Nice! Let's clean this all up by creating a function that wraps all the functions together. Note how this is pretty limited due to our data, but hopefully you can see how this is generalizable to your own data sets and prompts, each situation will be different!

In [265]:
def embed_prompt_lookup():
    # initial question
    question = input("What question do you have about a Unicorn company? ")
    # Get embedding
    prompt_embedding = get_embedding(question)
    # Get prompt similarity with embeddings
    # Note how this will overwrite the prompt similarity column each time!
    df["prompt_similarity"] = df['embedding'].apply(lambda vector: vector_similarity(vector, prompt_embedding))
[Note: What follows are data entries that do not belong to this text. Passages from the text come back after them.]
Lemma regroup_iso : is_iso regroup.
Proof.
split; last by exists ungroup; [exact: regroupK | exact: ungroupK].
by move=> x y; apply/ffunP => i; apply/ffunP => j; rewrite !(dprod_mulE, regroupE).
Qed.

Definition block_spectrum (i : 'I_n) : enat_set :=
  fun k => exists2 j, 1 <= j <= r i & set_pow (SpecR (G i)) j k.

Hypothesis G_nontrivial : forall i, ~ trivial_group (G i).
Hypothesis G_nonisomorphic : forall i j, i != j -> ~ isomorphic (G i) (G j).
Hypothesis G_centreless : forall i, centreless (G i).
Hypothesis G_indecomposable : forall i, directly_indecomposable (G i).
Hypothesis r_pos : forall i, 0 < r i.

Lemma aut_block_monomial (psi : powprodG G r -> powprodG G r) : is_aut psi ->
  exists (tau : forall i, 'I_(r i) -> 'I_(r i)) (phi : forall i, 'I_(r i) -> G i -> G i),
  [/\ forall i, injective (tau i), forall i j, is_iso (phi i j) &
      forall x, regroup (psi x) = prodmap (fun i => monomial (tau i) (phi i)) (regroup x)].
Proof.
move=> aut_psi.
have [sigma [sigma_inj sigma_iso]] := aut_dprod_monomial (fun k => @G_nontrivial (tag k))
  (fun k => @G_centreless (tag k)) (fun k => @G_indecomposable (tag k)) aut_psi.
have tag_sigma k : tag (sigma k) = tag k.
  apply: contrapT => ne; have [iso_k _] := sigma_iso k.
  by apply: (G_nonisomorphic (i := tag (sigma k)) (j := tag k)); [apply/eqP | exact: ex_intro _ _ iso_k].
have within i (j : 'I_(r i)) : {t : 'I_(r i) | sigma (slot j) = slot t}.
  move: (tag_sigma (slot j)); case: (sigma _) => i' t /= e.
  by move: t; rewrite e => t; exists t.
pose tau i j := sval (within i j).
have tauE i j : sigma (slot j) = slot (tau i j) by rewrite /tau; case: (within i j).
exists tau, (fun i j a => psi (incl (A := fun k => G (tag k)) (k := slot (tau i j)) a) (slot j)).
split=> [i j1 j2 e | i j | x].
- have : sigma (slot j1) = sigma (slot j2) by rewrite !tauE e.
  by move/sigma_inj/(congr1 (fun k => nat_of_ord (tagged k))) => /= /val_inj.
- by have [+ _] := sigma_iso (slot j); rewrite tauE.
apply/ffunP => i; apply/ffunP => j; rewrite regroupE /prodmap ffunE monomialE regroupE.
by have [_ ->] := sigma_iso (slot j); rewrite tauE.
Qed.
(* Let $V=\{a_1,\ldots,a_n\}$ be a set of propositional variables, $\mathcal{R}$ be a set of transition rules on $V$, $F$ be a CTL formula and let $s \models_{\mathcal{R}} F$ denote that $F$ holds at state $s$ in the transition system defined by $\mathcal{R}$. Then $s \models_{\mathcal{R}} F$ iff the sequent $\vdash \llbracket s\rrbracket, [\![F]\!]_{\mathcal{R}}$ is provable in $\mu$MALL.
   Context: $\mu$MALL is multiplicative-additive linear logic extended with least ($\mu$) and greatest ($\nu$) fixed points, with the unfolding rule for $\mu$ and the (co)induction rule for $\nu$ using an invariant. Below $\&$ is additive conjunction (with), $\bigoplus$/$\oplus$ additive disjunction, $\otimes$ multiplicative conjunction, and ⅋ multiplicative disjunction (par). A state $s$ over $V$ is a valuation $V\to\{\mathrm{true},\mathrm{false}\}$, written as a conjunction $p_1(a_1)\wedge\cdots\wedge p_n(a_n)$ with each $p_i$ either ''present'' ($s(a_i)=\mathrm{true}$) or ''absent'' ($s(a_i)=\mathrm{false}$). Transition rules have the form $r: s\to s'$, enabling the transition from $s$ to $s'$; the transition system is assumed serial. CTL formulas: $F ::= p \mid F\wedge F\mid F\vee F\mid \mathbf{Q}\mathsf{X}F\mid \mathbf{Q}\mathsf{F}F\mid \mathbf{Q}\mathsf{G}F\mid \mathbf{Q}[F\,\mathsf{U}\,F]$ with $\mathbf{Q}\in\{\mathsf{A},\mathsf{E}\}$ and $p$ a state formula. Encoding: $\llbracket \text{present}(a_i)\rrbracket = a_i$, $\llbracket \text{absent}(a_i)\rrbracket = a_i^\perp$; $\llbracket s\rrbracket = \llbracket p_1(a_1)\rrbracket^\perp$ ⅋ $\cdots$ ⅋ $\llbracket p_n(a_n)\rrbracket^\perp$; $\mathrm{pos}(s) = \llbracket p_1(a_1)\rrbracket\otimes\cdots\otimes\llbracket p_n(a_n)\rrbracket = \llbracket s\rrbracket^\perp$; $\mathrm{neg}(s) = (\llbracket p_1(a_1)\rrbracket^\perp\otimes\top)\oplus\cdots\oplus(\llbracket p_n(a_n)\rrbracket^\perp\otimes\top)$; a state formula $p$ is encoded as $\mathrm{pos}(p)$ (variables not occurring in $p$ giving $\top$); CTL $\wedge,\vee$ map to $\&,\oplus$. With $\phi=[\![F]\!]_{\mathcal{R}}$, $\psi=[\![G]\!]_{\mathcal{R}}$, and $T_{\mathsf{A}}(Y) = \mathop{\&}_{s\to s'\in\mathcal{R}}\big(\mathrm{neg}(s)\oplus(\mathrm{pos}(s)\otimes(\llbracket s'\rrbracket$ ⅋ $Y))\big)$, $T_{\mathsf{E}}(Y)=\bigoplus_{s\to s'\in\mathcal{R}}\big(\mathrm{pos}(s)\otimes(\llbracket s'\rrbracket$ ⅋ $Y)\big)$: $[\![\mathsf{AX}F]\!]=T_{\mathsf{A}}(\phi)$, $[\![\mathsf{EX}F]\!]=T_{\mathsf{E}}(\phi)$, $[\![\mathsf{AF}F]\!]=\mu Y.\,\phi\oplus T_{\mathsf{A}}(Y)$, $[\![\mathsf{EF}F]\!]=\mu Y.\,\phi\oplus T_{\mathsf{E}}(Y)$, $[\![\mathsf{AG}F]\!]=\nu Y.\,\phi\,\&\,T_{\mathsf{A}}(Y)$, $[\![\mathsf{EG}F]\!]=\nu Y.\,\phi\,\&\,T_{\mathsf{E}}(Y)$, $[\![\mathsf{A}[F\,\mathsf{U}\,G]]\!]=\mu Y.\,\psi\oplus(\phi\,\&\,T_{\mathsf{A}}(Y))$, $[\![\mathsf{E}[F\,\mathsf{U}\,G]]\!]=\mu Y.\,\psi\oplus(\phi\,\&\,T_{\mathsf{E}}(Y))$. *)

From mathcomp Require Import all_boot.
From Stdlib Require Import Permutation.
Definition loc_mx (R : nzRingType) n (k : nat) (g : mpoly R n) (y : expo n -> R)
  : mono n k -> mono n k -> R :=
  fun a b => \sum_(c <- msupp g)
      mcoef g c * y (expo_add (expo_add (mono_exp a) (mono_exp b)) c).
Definition mom_mx (R : nzRingType) n (k : nat) (y : expo n -> R)
  : mono n k -> mono n k -> R :=
  fun a b => y (expo_add (mono_exp a) (mono_exp b)).

(* d_min = max_{i=0..m} d_i, d_0 = 0 *)
Definition dmin (R : nzRingType) n m (gs : 'I_m -> mpoly R n) : nat :=
  (\max_(i < m) hdeg (gs i))%N.

(* feasibility for P_d (only the values y_alpha, |alpha| <= 2d, are involved) *)
Definition feasible (R : numDomainType) n m (gs : 'I_m -> mpoly R n) (d : nat)
  (y : expo n -> R) : Prop :=
  y (expo0 n) = 1 /\ psd (@mom_mx R n d y) /\
  forall i : 'I_m, psd (@loc_mx R n (d - hdeg (gs i)) (gs i) y).

(* The diagonal of the localizing matrix of the ball constraint gives
   sum_i y_(2a + 2e_i) <= R^2 y_(2a) for |a| < d, and the diagonal of M_d(y) is
   nonnegative.  Hence the partial traces T_k = sum_(|a| <= k) y_(2a) satisfy
   T_0 = y_0 = 1 and T_(k+1) <= 1 + R^2 T_k, so tr M_d(y) <= sum_(k <= d) R^(2k).
   Every y_a with |a| <= 2d is an entry of M_d(y), and M_ab^2 <= M_aa M_bb for
   a PSD matrix, so sum_a y_a^2 <= sum_(a,b) M_ab^2 <= (tr M_d(y))^2: the bound
   holds even without the factor sqrt(binom(n+d, n)) >= 1. *)

From mathcomp Require Import all_boot all_order all_algebra.
From mathcomp Require Import zify ring lra.
Set Implicit Arguments. Unset Strict Implicit. Unset Printing Implicit Defensive.
Import Order.TTheory GRing.Theory Num.Theory.
Local Open Scope ring_scope.

Section Coefficients.
Variables (R : nzRingType) (n : nat).
Implicit Types (g : mpoly R n) (c : expo n).

Lemma mcoef_notin g c : c \notin [seq t.2 | t <- g] -> mcoef g c = 0.
Proof.
move=> cNg; rewrite /mcoef big_seq_cond big1 // => t /andP[tg /eqP tc].
by case/negP: cNg; rewrite -tc; apply/mapP; exists t.
Qed.

Lemma mem_msupp g c : (c \in msupp g) = (mcoef g c != 0).
Proof.
rewrite /msupp mem_filter mem_undup andbC.
by case: (boolP (c \in _)) => //= /mcoef_notin ->; rewrite eqxx.
Qed.

Lemma msupp_uniq g : uniq (msupp g).
Proof. by rewrite filter_uniq // undup_uniq. Qed.

Lemma perm_msupp g g' :
  (forall c, mcoef g c = mcoef g' c) -> perm_eq (msupp g) (msupp g').
Proof.
move=> eq_g; apply: uniq_perm; rewrite ?msupp_uniq // => c.
by rewrite !mem_msupp eq_g.
Qed.

Lemma eq_mdeg g g' : (forall c, mcoef g c = mcoef g' c) -> mdeg g = mdeg g'.
Proof. by move=> eq_g; apply: perm_big; apply: perm_msupp. Qed.

Lemma sum_msupp g (h : expo n -> R) :
  \sum_(c <- msupp g) mcoef g c * h c = \sum_(t <- g) t.1 * h t.2.
Proof.
rewrite /msupp big_filter big_mkcond /=.
rewrite (eq_bigr (fun c => mcoef g c * h c)); last first.
  by move=> c _; case: ifP => // /negbFE/eqP ->; rewrite mul0r.
rewrite (eq_bigr (fun c => \sum_(t <- g | t.2 == c) t.1 * h t.2)); last first.
  by move=> c _; rewrite /mcoef mulr_suml; apply: eq_bigr => t /eqP ->.
rewrite (exchange_big_dep xpredT) //=; apply: eq_big_seq => t tg.
rewrite (eq_bigl (fun c => c == t.2)); last by move=> c; rewrite eq_sym.
rewrite -big_filter filter_pred1_uniq ?undup_uniq ?big_seq1 //.
by rewrite mem_undup; apply/mapP; exists t.
Qed.

Lemma eq_sum_msupp g g' (h : expo n -> R) :
  (forall c, mcoef g c = mcoef g' c) ->
  \sum_(c <- msupp g) mcoef g c * h c = \sum_(c <- msupp g') mcoef g' c * h c.
Proof.
move=> eq_g; rewrite (perm_big _ (perm_msupp eq_g)).
by apply: eq_bigr => c _; rewrite eq_g.
Qed.

End Coefficients.

Section Exponents.
Variable n : nat.
Implicit Types (a e : expo n) (i : 'I_n).

Definition expo_unit i : expo n := [ffun j => nat_of_bool (j == i)].
Definition expo_sub e a : expo n := [ffun i => e i - a i]%N.

Lemma leq_expo_deg e i : (e i <= expo_deg e)%N.
Proof. by rewrite /expo_deg (bigD1 i) //= leq_addr. Qed.

Lemma expo_deg_add a e : expo_deg (expo_add a e) = (expo_deg a + expo_deg e)%N.
Proof. by rewrite /expo_deg -big_split; apply: eq_bigr => i _; rewrite ffunE. Qed.

Lemma expo_add0 e : expo_add e (expo0 n) = e.
Proof. by apply/ffunP => i; rewrite !ffunE addn0. Qed.

Lemma expo_deg0 : expo_deg (expo0 n) = 0%N.
Proof. by rewrite /expo_deg big1 // => i _; rewrite ffunE. Qed.

Lemma expo_deg_eq0 e : expo_deg e = 0%N -> e = expo0 n.
Proof.
move=> e0; apply/ffunP => i; rewrite /expo0 ffunE.
by apply/eqP; rewrite -leqn0 -e0 leq_expo_deg.
Qed.

Lemma expo_deg_unit i : expo_deg (expo_unit i) = 1%N.
Proof.
rewrite /expo_deg (bigD1 i) //= ffunE eqxx big1 // => j /negbTE ji.
by rewrite ffunE ji.
Qed.

Lemma expo_deg_unit2 i : expo_deg (unit2 i) = 2%N.
Proof.
rewrite /expo_deg (bigD1 i) //= ffunE eqxx big1 // => j /negbTE ji.
by rewrite ffunE ji.
Qed.

Lemma expo_add_unit2 e i :
  expo_add (expo_add e e) (unit2 i) =
  expo_add (expo_add e (expo_unit i)) (expo_add e (expo_unit i)).
Proof. by apply/ffunP => j; rewrite !ffunE; case: (j == i) => /=; lia. Qed.

Lemma expo_subK a e : (forall i, a i <= e i)%N -> expo_add a (expo_sub e a) = e.
Proof. by move=> le_ae; apply/ffunP => i; rewrite !ffunE subnKC. Qed.

Lemma expo_deg_sub a e : (forall i, a i <= e i)%N ->
  expo_deg (expo_sub e a) = (expo_deg e - expo_deg a)%N.
Proof. by move=> le_ae; rewrite -[in RHS](expo_subK le_ae) expo_deg_add addKn. Qed.

Lemma expo_deg_gt0 e : (0 < expo_deg e)%N -> exists i, (0 < e i)%N.
Proof.
move=> e_gt0; apply/existsP; apply: contraTT e_gt0.
rewrite negb_exists => /forallP e0; rewrite -leqNgt /expo_deg big1 // => i _.
by have := e0 i; lia.
Qed.

Lemma expo_sub_unitK e i : (0 < e i)%N ->
  expo_add (expo_sub e (expo_unit i)) (expo_unit i) = e.
Proof. by move=> ei; apply/ffunP => j; rewrite !ffunE; case: eqP => [->|] /=; lia. Qed.

Lemma expo_deg_sub_unit e i :
  (0 < e i)%N -> (expo_deg (expo_sub e (expo_unit i))).+1 = expo_deg e.
Proof.
by move=> ei; rewrite -[in RHS](expo_sub_unitK ei) expo_deg_add expo_deg_unit addn1.
Qed.

Lemma expo_lower e k : (k <= expo_deg e)%N ->
  exists2 a : expo n, (forall i, a i <= e i)%N & expo_deg a = k.
Proof.
elim: k => [|k IHk] le_ke.
  by exists (expo0 n) => [i|]; rewrite ?ffunE ?expo_deg0.
have [a le_ae deg_a] := IHk (ltnW le_ke).
have [i lt_ai] : exists i, (a i < e i)%N.
  apply/existsP; apply: contraTT le_ke; rewrite negb_exists => /forallP ge_ae.
  have : (expo_deg e <= expo_deg a)%N by apply: leq_sum => i _; have := ge_ae i; lia.
  lia.
exists (expo_add a (expo_unit i)) => [j|];
  last by rewrite expo_deg_add expo_deg_unit deg_a addn1.
by rewrite !ffunE; case: eqP => [->|] /=; have := le_ae j; lia.
Qed.

Lemma expo_split e k l : (expo_deg e <= k + l)%N ->
  exists p : expo n * expo n,
    [&& expo_add p.1 p.2 == e, expo_deg p.1 <= k & expo_deg p.2 <= l]%N.
Proof.
move=> deg_e; have [a le_ae deg_a] := expo_lower (geq_minl (expo_deg e) k).
exists (a, expo_sub e a); rewrite /= expo_subK // expo_deg_sub // deg_a eqxx /=.
by rewrite geq_minr /=; lia.
Qed.

Section Monomials.
Variable k : nat.
Implicit Type u : mono n k.

Lemma mono_deg u : (expo_deg (mono_exp u) <= k)%N.
Proof.
rewrite /expo_deg (eq_bigr (fun i => (val u i : nat))); first exact: (valP u).
by move=> i _; rewrite ffunE.
Qed.

Lemma mono_exp_inj : injective (@mono_exp n k).
Proof.
move=> u v /ffunP eq_uv; apply: val_inj; apply/ffunP => i; apply: val_inj.
by have := eq_uv i; rewrite !ffunE.
Qed.

Lemma mono0_subproof :
  (\sum_(i < n) ((([ffun => ord0] : {ffun 'I_n -> 'I_k.+1}) i : nat)) <= k)%N.
Proof. by rewrite big1 // => i _; rewrite ffunE. Qed.

(* The monomial of exponent e; junk value when |e| > k. *)
Definition mono_of e : mono n k :=
  insubd (exist _ [ffun => ord0] mono0_subproof)
         ([ffun i => inord (e i)] : {ffun 'I_n -> 'I_k.+1}).

Lemma mono_ofK e : (expo_deg e <= k)%N -> mono_exp (mono_of e) = e.
Proof.
move=> deg_e; have inordE i : ((inord (e i) : 'I_k.+1) : nat) = e i.
  by rewrite inordK // ltnS (leq_trans (leq_expo_deg e i)).
rewrite /mono_of /mono_exp insubdK; first by apply/ffunP => i; rewrite !ffunE inordE.
by rewrite unfold_in /= (eq_bigr (fun i => e i)) // => i _; rewrite ffunE inordE.
Qed.

End Monomials.
End Exponents.

Section Quadratic_forms.
Variables (R : realFieldType) (T : finType).
Implicit Type M : T -> T -> R.

Definition vec2 (x y : T) (s t : R) (z : T) : R := (z == x)%:R * s + (z == y)%:R * t.

Lemma sum_mul_vec2 (f : T -> R) x y s t :
  \sum_z f z * vec2 x y s t z = f x * s + f y * t.
Proof.
rewrite /vec2 (eq_bigr (fun z => f z * ((z == x)%:R * s) + f z * ((z == y)%:R * t)));
  last by move=> z _; rewrite mulrDr.
rewrite big_split /= (bigD1 x) // [X in _ + X](bigD1 y) //= !eqxx !mul1r.
by rewrite !big1 ?addr0 // => z /negbTE ->; rewrite mul0r mulr0.
Qed.

Lemma qform_vec2 M x y s t :
  \sum_a \sum_b vec2 x y s t a * M a b * vec2 x y s t b
  = s * (s * M x x + t * M x y) + t * (s * M y x + t * M y y).
Proof.
rewrite (eq_bigr (fun a => (\sum_b M a b * vec2 x y s t b) * vec2 x y s t a)); last first.
  by move=> a _; rewrite mulr_suml; apply: eq_bigr => b _; ring.
under eq_bigr => a _ do rewrite sum_mul_vec2.
by rewrite sum_mul_vec2; ring.
Qed.

Lemma psd_diag_ge0 M x : psd M -> 0 <= M x x.
Proof. by case=> _ /(_ (vec2 x x 1 0)); rewrite qform_vec2; nra. Qed.

Lemma psd_entry_sqr_le M x y : psd M -> M x y ^+ 2 <= M x x * M y y.
Proof.
move=> psdM; have Mxx := psd_diag_ge0 x psdM; have Myy := psd_diag_ge0 y psdM.
case: psdM => symM qM.
have {}qM s t : 0 <= s * (s * M x x + t * M x y) + t * (s * M x y + t * M y y).
  by have := qM (vec2 x y s t); rewrite qform_vec2 symM.
have [Mxx0|Mxx_neq0] := eqVneq (M x x) 0.
  by have := qM (M y y + 1) (- M x y); rewrite Mxx0; nra.
have Mxx_gt0 : 0 < M x x by rewrite lt_def Mxx_neq0 Mxx.
by have := qM (M x y) (- M x x); nra.
Qed.

Lemma psd_sum_sqr_le M : psd M -> \sum_a \sum_b M a b ^+ 2 <= (\sum_a M a a) ^+ 2.
Proof.
move=> psdM; rewrite expr2 big_distrlr /=.
by apply: ler_sum => a _; apply: ler_sum => b _; apply: psd_entry_sqr_le.
Qed.

End Quadratic_forms.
    # get most similar summary
    summary = df.nlargest(1,'prompt_similarity').iloc[0]['summary'] 

    prompt = f"""Only answer the question below if you have 100% certainty of the facts, use the context below to answer.
            Here is some context:
            {summary}
            Q: {question}
            A:"""


    response = openai.Completion.create(
        prompt=prompt,
        temperature=0,
        max_tokens=500,
        model="text-davinci-003"
    )
    print(response["choices"][0]["text"].strip(" \n"))

In [266]:
embed_prompt_lookup()

Momenta is a company in the field of Artificial Intelligence with headquarters in Beijing, China.